Надежда Афанасьевна и в 1960 году, очевидно с учетом позднейшего общения с братом, в комментарии к цитированной записи категорически утверждала: «У Миши терпимости не было». Однако совсем не стоит сводить булгаковский эгоизм к примитивному себялюбию. Та же Н. А. Земская по поводу лозунга, выдвинутого братом: «Пусть девизом всего будет выеденное яйцо» писала: «Мишины слова: протест против придавания большого значения мелочам жизни, быта». Булгаков не только сознавал свою исключительность, но и утверждением своего «я» протестовал против, как он полагал, «мещанской» окружающей среды, где гений не может проявить себя. При этом он простодушно не замечал, как и всякий, в ком есть толика эгоизма (а таких – большинство в человечестве), что его собственное стремление к комфорту, мечты о «лампе и тишине», зафиксированные в записи Н. А. Земской 8 января 1913 года, приходят в очевидное окружающим противоречие с призывами не обращать внимания на мелочи быта.

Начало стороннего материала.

Lemma ext_inv_uniq u v : is_inv ext_op (inl e) u v -> v = ext_inv u.
Proof.
case: u => [a|s]; case: v => [b|t]; rewrite /is_inv /= => -[uv vu].
- move: uv vu; case ab: (op a b) => [c|] // [c1]; case ba: (op b a) => [d|] // [d1].
  by subst; rewrite -(pinv_uniq (conj ab ba)).
- move: uv; case: eqP => // /eqP a_neq1.
  case sat: (ract (inv a) t) => [[c|s']|] //= [c1].
  have ia_neq1 : inv a != e by rewrite pinv_eq1.
  by move: (ract_inl_neq1 ia_neq1 sat); rewrite -pinv_eq1 c1 eqxx.
- move: uv; case: eqP => // /eqP b_neq1 sb.
  by move: (ract_inl_neq1 b_neq1 sb); rewrite eqxx.
- move: uv; case: eqP => [->//|_].
  by case: pickP => [a /andP[a_neq1 _]|] //= [a1]; rewrite a1 eqxx in a_neq1.
Qed.

Lemma ext_loop : partial_IP_loop ext_op (inl e).
Proof.
split; [|split].
- by case=> [a|s] /=; rewrite ?op1x ?opx1 ?eqxx.
- move=> u; exists (ext_inv u); split; last by move=> y /ext_inv_uniq.
  by case: u => [a|s]; rewrite /is_inv /= ?op_pinv ?op_pinvl ?eqxx.
- move=> u v w /ext_op_invK [uw wv]; split => x' /ext_inv_uniq -> //.
Qed.

Lemma ext_extends : extends op ext_op inl.
Proof. by split=> [x y [] | x y z /= ->]. Qed.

Но вот 19 июля 1914 года началась Первая мировая война. Михаил с женой в этот момент были в Саратове, навещали Таниных родителей. Мать Таси, Евгения Викторовна Лаппа, на общественные средства организовала госпиталь для раненых. Михаил помогал ей, делал перевязки.
Жар войны Киев почувствовал только в 1915 году. В мае австро-германские войска прорвали русский фронт у Горлицы, заняли Польшу, Галицию, Литву, часть Волыни, Латвии и Белоруссии. Осенью 15-го из Киева началась частичная эвакуация учебных заведений. Медицинский факультет предполагалось переместить в Саратов, в связи с чем Михаил отправил туда к родителям Тасю. Но военная опасность миновала, и, пробыв в Саратове меньше месяца, она вернулась в Киев. Варвара Михайловна 18 октября писала Наде в Москву: «У меня же обедают и Миша с Тасей, которая вернулась еще 1 октября, не будучи в силах вынести дольше разлуку с Мишей».